Manchester Academy of Fine Arts
- Formation: 1859; 167 years ago
- Type: Learned Society
- Purpose: Promotion of art and artists
- Headquarters: Manchester, United Kingdom
- Activities: Exhibitions, Workshops
- Collections: Archives
- Archivist: Peter Davis
- President (26th): Janina Cebertowicz
- Website: mafa.org.uk

= Manchester Academy of Fine Arts =

British art society

The Manchester Academy of Fine Arts (MAFA) is an English art society. Founded in 1859, it promotes art and education. It was originally based in the building on Mosley Street which is now the Manchester Art Gallery, where annual exhibitions and classes were held.

==Exhibitions and workshops==
The academy holds member exhibitions, talks and workshops at venues across Greater Manchester and North West England. Venues have included Bury Art Museum, Gallery Oldham, Salford Museum and Art Gallery, Atkinson Art Gallery, Southport, Stockport War Memorial Art Gallery and Dean Clough.

==Membership==
There is currently an elected membership (full and associate members) of over one hundred artists working in a variety of disciplines including painting, printmaking, drawing, sculpture and ceramics. Members have played a significant role in the Manchester art scene for over a century, including the design of several of its buildings and public works.

Past members of the academy have included Alfred Waterhouse, Ford Madox Brown, LS Lowry, Käthe Schuftan, Norman Adams, Emmanuel Levy and Anne Redpath. Past presidents have included the artists William Knight Keeling and Robert Crozier. Annie Swynnerton and Emma Magnus were some of the first pioneering women to be elected in 1884. The work of John Cassidy, the first sculptor member, can be seen in Manchester city centre.

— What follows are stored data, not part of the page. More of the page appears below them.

Lemma big_set_seq (R : nmodType) (T : finType) (p : seq T) (F : T -> R) :
  uniq p -> \sum_(r in [set e in p]) F r = \sum_(r <- p) F r.
Proof. by move=> uniq_p; rewrite big_set big_uniq. Qed.

Ltac eval_costs :=
  rewrite /social_cost /cost1 /cost2 !big_set_seq // !big_cons !big_nil /load !in_set /=.

Lemma nth_ge0 (R : numDomainType) (s : seq R) i :
  all (fun x => 0 <= x) s -> 0 <= nth 0 s i.
Proof.
move=> /allP s_ge0.
by have [/(mem_nth 0)/s_ge0 | /(nth_default 0)->] := ltnP i (size s).
Qed.

Local Notation arcA k := (@Ordinal 5 k isT).
Local Notation acA := [set e in [:: arcA 0]].
Local Notation abcA := [set e in [:: arcA 2; arcA 3]].
Local Notation bdA := [set e in [:: arcA 1]].
Local Notation bcdA := [set e in [:: arcA 3; arcA 4]].

Lemma path_sets_A1 : path_sets tailA headA (vtx 3 0) (vtx 3 2) = [set acA; abcA].
Proof.
rewrite /tailA /headA path_sets_ordE //.
rewrite (_ : paths _ _ _ _ _ _ = [:: [:: arcA 0]; [:: arcA 2; arcA 3]]);
  last by apply/eqP; vm_compute.
by apply/setP => A; rewrite !inE /= orbF.
Qed.

Lemma path_sets_A2 : path_sets tailA headA (vtx 3 1) (vtx 3 3) = [set bdA; bcdA].
Proof.
rewrite /tailA /headA path_sets_ordE //.
rewrite (_ : paths _ _ _ _ _ _ = [:: [:: arcA 1]; [:: arcA 3; arcA 4]]);
  last by apply/eqP; vm_compute.
by apply/setP => A; rewrite !inE /= orbF.
Qed.

Lemma betaA_ge0 (R : realFieldType) (w1 w2 : R) :
  0 <= w1 -> 0 <= w2 -> forall e, 0 <= betaA w1 w2 e.
Proof. by move=> w1_ge0 w2_ge0 e; apply: nth_ge0; rewrite /= w2_ge0 addr_ge0 ?lexx. Qed.

Lemma spe_ratio_A (R : realFieldType) (w1 w2 : R) : 0 < w2 -> w2 <= w1 ->
  spe_ratio (fun _ => 0) (betaA w1 w2) w1 w2
    (path_sets tailA headA (vtx 3 0) (vtx 3 2)) (path_sets tailA headA (vtx 3 1) (vtx 3 3))
    (1 + w1 / (w1 + w2)).
Proof.
move=> w2_gt0 w21; have w1_gt0 := lt_le_trans w2_gt0 w21.
have w1w2 := mulr_gt0 w1_gt0 w2_gt0; have w2w2 := mulr_gt0 w2_gt0 w2_gt0.
rewrite path_sets_A1 path_sets_A2.
pose f (A1 : {set 'I_5}) := if arcA 0 \in A1 then bcdA else bdA.
have f_ac : f acA = bcdA by rewrite /f inE.
have f_abc : f abcA = bdA by rewrite /f inE.
have -> : 1 + w1 / (w1 + w2) =
    social_cost (fun _ => 0) (betaA w1 w2) w1 w2 abcA (f abcA) /
    social_cost (fun _ => 0) (betaA w1 w2) w1 w2 acA bcdA.
  rewrite f_abc /betaA; eval_costs.
  by field; apply/andP; split; apply: lt0r_neq0; lra.
rewrite /betaA; apply: spe_ratio_of_spe; rewrite ?inE ?eqxx ?orbT //.
- split; [|split; first by rewrite !inE eqxx orbT].
    move=> B1 /set2P [] ->; rewrite ?f_ac ?f_abc.
      split; first by rewrite !inE eqxx orbT.
      by move=> B2 /set2P [] ->; eval_costs; lra.
    split; first by rewrite !inE eqxx.
    by move=> B2 /set2P [] ->; eval_costs; lra.
  by move=> B1 /set2P [] ->; rewrite ?f_ac ?f_abc; eval_costs; lra.
- by move=> B1 B2 /set2P [] -> /set2P [] ->; eval_costs; lra.
- by eval_costs; lra.
Qed.

(* For w2 = 0 the network of case (a) has optimal cost 0 under betaA; this
   variant of it, with positive alpha, attains the bound 2. *)
Definition alphaA0 (R : realFieldType) (w1 : R) (e : 'I_5) : R := nth 0 [:: 0; w1; 0; 0; 0] e.
Definition betaA0 (R : realFieldType) (e : 'I_5) : R := nth 0 [:: 1; 0; 0; 1; 0] e.

Lemma alphaA0_ge0 (R : realFieldType) (w1 : R) : 0 <= w1 -> forall e, 0 <= alphaA0 w1 e.
Proof. by move=> w1_ge0 e; apply: nth_ge0; rewrite /= w1_ge0 lexx. Qed.

Lemma betaA0_ge0 (R : realFieldType) (e : 'I_5) : 0 <= betaA0 R e.
Proof. by apply: nth_ge0; rewrite /= ler01 lexx. Qed.

Lemma spe_ratio_A0 (R : realFieldType) (w1 : R) : 0 < w1 ->
  spe_ratio (alphaA0 w1) (@betaA0 R) w1 0
    (path_sets tailA headA (vtx 3 0) (vtx 3 2)) (path_sets tailA headA (vtx 3 1) (vtx 3 3)) 2.
Proof.
move=> w1_gt0; rewrite path_sets_A1 path_sets_A2.
have -> : 2 = social_cost (alphaA0 w1) (@betaA0 R) w1 0 abcA bcdA /
              social_cost (alphaA0 w1) (@betaA0 R) w1 0 acA bcdA.
  rewrite /alphaA0 /betaA0; eval_costs.
  by field; apply: lt0r_neq0; lra.
rewrite /alphaA0 /betaA0; apply: (spe_ratio_of_spe (f := fun _ => bcdA));
  rewrite ?inE ?eqxx ?orbT //.
- split; [|split; first by rewrite !inE eqxx orbT].
    move=> B1 /set2P [] ->; (split; first by rewrite !inE eqxx orbT);
      by move=> B2 /set2P [] ->; eval_costs; lra.
  by move=> B1 /set2P [] ->; eval_costs; lra.
- by move=> B1 B2 /set2P [] -> /set2P [] ->; eval_costs; lra.
- by eval_costs; lra.
Qed.

Local Notation arcB k := (@Ordinal 7 k isT).
Local Notation bceB := [set e in [:: arcB 1; arcB 5]].
Local Notation bcdeB := [set e in [:: arcB 1; arcB 3; arcB 4]].
Local Notation abcdB := [set e in [:: arcB 0; arcB 1; arcB 3]].
Local Notation acdB := [set e in [:: arcB 2; arcB 3]].
Local Notation adB := [set e in [:: arcB 6]].

Lemma path_sets_B1 : path_sets tailB headB (vtx 4 1) (vtx 4 4) = [set bcdeB; bceB].
Proof.
rewrite /tailB /headB path_sets_ordE //.
rewrite (_ : paths _ _ _ _ _ _ = [:: [:: arcB 1; arcB 3; arcB 4]; [:: arcB 1; arcB 5]]);
  last by apply/eqP; vm_compute.
by apply/setP => A; rewrite !inE /= orbF.
Qed.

==Manchester School of Art==
The academy has close links with art education and currently supports graduate students at Manchester School of Art, now part of Manchester Metropolitan University, by awarding annual prizes and offering the opportunity to show work in Academy exhibitions. A link with Manchester Metropolitan University has existed since the academy's foundation: past and present members have taught and studied there. Some have studied elsewhere under recognised artists: Margaret Pilkington was taught by Lucien Pissarro at the Slade, Harry Rutherford studied under Walter Sickert and John McCombs was taught by Leon Kossoff at St Martin's School of Art.

==Presidents==

- 1859–62	James Astbury Hammersley
- 1862–65	John Lamont Brodie
- 1865–78	William Knight Keeling
- 1878–91	Robert Crozier
- 1891–92	Elias Mollineaux Bancroft
- 1892–1915	Henry Clarence Whaite
- 1915–17	John Ely
- 1917–20	Thomas Edwin Mostyn
- 1920–24	Francis Edgar Dodd
- 1924–35	Bertram Nicholls
- 1935–46	James Patchell Chettle
- 1946–49	Thomas Cantrell Dugdale
- 1949–51	Charles Oppenheimer
- 1951–61	John Richardson Gauld
- 1961–69	Harry Rutherford
- 1969–78	Roger Hampson
- 1978–84	Keith Godwin
- 1984–90	Norman Clifford Jacques
- 1990–03	Glenys Latham
- 1993–97	Peter Oakley
- 1997–2003	Ian Thompson
- 2003–08	John A McPake
- 2009–15 John McCombs
- 2016–19	Gerry Halpin
- 2019–22	Malcolm Taylor
- 2022–24	Kath Lowe
- 2024–	Janina Cebertowicz

==General references==
- Dewsbury, Sheila, The Story So Far: The Manchester Academy of Fine Arts, 1859–2003.
- Davies, Peter (1989), A Northern School, Bristol: Redcliffe Press.
- Davies, Peter (2015), A Northern School Revisited, Clark Art Ltd.
- Wyke, Terry (2004), Public Sculpture in Greater Manchester, Liverpool University Press.
- Manchester Academy of Fine Arts, Archive.
- Marks, Diana F. (2006), Children's Book Award Handbook, Libraries Unlimited (Chapter 6 on Randolph Caldecott and the Randolph Caldecott Medal).
- Nairne, Sandy and Howgate, Sarah (15 March 2006), The Portrait Now, Yale University Press.
- Thomson, Susan W. (2007), Manchester's Victorian Art Scene and its Unrecognised Artists, Manchester Art Press.
- Buckman, David (17 September 2003), "Tom Titherington: Obituary", The Independent.